Since budget cuts and staff reductions often fail to correspond to a decrease in workload, companies are turning to contract workers to help complete projects on time where regular hiring has reached a standstill. In these tougher economic times, the contracts are shorter and result in fewer offers of permanent employment positions, but the relationships between hiring company and contractor do occasionally lead to long-term arrangements.

Recruitment Tools

As hiring slows, so does spending on recruitment. Employee referral programs, online recruitment sites, and social media are all popular cost efficient tools for filling vacancies.

Some of the highest quality candidates are those vetted by trusted, knowledgeable insiders: other employees. An employee referral program taps an existing resource, the company’s own staff, for recruitment leads and introductions to suitable prospective employees in exchange for rewards and incentives. Who better to consult than a key employee, someone who knows the skills required and the corporate environment, to recommend a friend or acquaintance to fill a position?
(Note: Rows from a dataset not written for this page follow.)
(* Let $(X,f)$ be a dynamical system, $r\in\mathbb{N}$, and $\mathbf{a}=(a_1,\dots,a_{r+1})\in\mathbb{N}^{r+1}_*$. Then $\overline{Orb(\Delta_{X^{r+1}},f^{(\mathbf{a})})}=X^{r+1}$ if and only if $(X,f)$ is $\Delta$-$\mathbf{a}'$-transitive, where $\mathbf{a}'=(a_2-a_1,a_3-a_1,\dots,a_{r+1}-a_1)$.
   Context: A dynamical system is a pair $(X,f)$ with $X$ a compact metric space and $f:X\to X$ continuous. $\mathbb{N}^m_*=\{(n_1,\dots,n_m)\in\mathbb{N}^m: n_1<\dots<n_m\}$. For $\mathbf{a}\in\mathbb{N}^m$, $f^{(\mathbf{a})}=f^{a_1}\times\dots\times f^{a_m}:X^m\to X^m$. $\Delta_{X^m}=\{(x,\dots,x):x\in X\}$. For a map $g$ and set $A$, $Orb(A,g)=\bigcup_{n\ge0}g^n(A)$. For a system $(Y,g)$, $y$ is a transitive point if its $\omega$-limit set equals $Y$. $(X,f)$ is $\Delta$-$\mathbf{b}$-transitive ($\mathbf{b}\in\mathbb{N}^r$) if there is $x\in X$ such that $(x,\dots,x)$ is a transitive point of $(X^r,f^{(\mathbf{b})})$. *)

From Stdlib Require Import Reals Arith.
Open Scope R_scope.

Record is_metric {X : Type} (d : X -> X -> R) : Prop := {
  metric_nonneg : forall x y, 0 <= d x y;
  metric_eq0 : forall x y, d x y = 0 <-> x = y;
  metric_sym : forall x y, d x y = d y x;
  metric_triangle : forall x y z, d x z <= d x y + d y z
}.

(* Sequential compactness (equivalent to compactness for metric spaces). *)
Definition seq_compact {X : Type} (d : X -> X -> R) : Prop :=
  forall u : nat -> X, exists (phi : nat -> nat) (l : X),
    (forall n m, (n < m)%nat -> (phi n < phi m)%nat) /\
    (forall eps, eps > 0 -> exists N, forall n, (N <= n)%nat -> d (u (phi n)) l < eps).

Definition compact_metric_space {X : Type} (d : X -> X -> R) : Prop :=
  is_metric d /\ seq_compact d.

Definition continuous_map {X : Type} (d : X -> X -> R) (f : X -> X) : Prop :=
  forall x eps, eps > 0 -> exists delta, delta > 0 /\
    forall y, d x y < delta -> d (f x) (f y) < eps.

(* Points of X^m are represented as functions nat -> X, only the
   coordinates i < m being relevant; X^m carries the product topology,
   given by the max-metric on the coordinates i < m. *)

Definition prodmap {X : Type} (a : nat -> nat) (f : X -> X) (u : nat -> X) : nat -> X :=
  fun i => Nat.iter (a i) f (u i).

Definition diagonal {X : Type} (u : nat -> X) : Prop :=
  exists x : X, forall i, u i = x.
Online recruitment sites like CareerBuilder, Monster, and Workopolis allow users to register to create individual profiles geared toward finding jobs or candidates. In most cases, these services are free and, due to their overwhelming popularity, they provide job seekers and employers with access to tens of thousands of opportunities.

Professional networking sites like LinkedIn, Ryze, Xing, and Spoke along with Facebook and other general social networking sites are inching into the mainstream as recruitment tools. All feature job and candidate search capabilities as well as serving as a forum for introductions and referrals. The dawning recognition that employees are their best representatives is prompting companies to support and even encourage the use of social media. Employee blogs, too, are becoming frontline media for recruitment. Much like employee referral programs, employees’ endorsement of their employers’ recruitment efforts in personal blogs and social networking sites lends authenticity and credibility to the company’s reputation as an attractive employment prospect.

Thanks to a recession and an atmosphere of uncertainty we are seeing a shift in recruitment and human resource management practices that favours flexibility, innovation, and openness. Recruiters and employers are putting ideas that were theoretical a few years ago into practice and as a result, workplace conditions are in a state of transformation. While employment positions might be fewer in number these days, the practice of finding and retaining people to fill them is undergoing a renewal.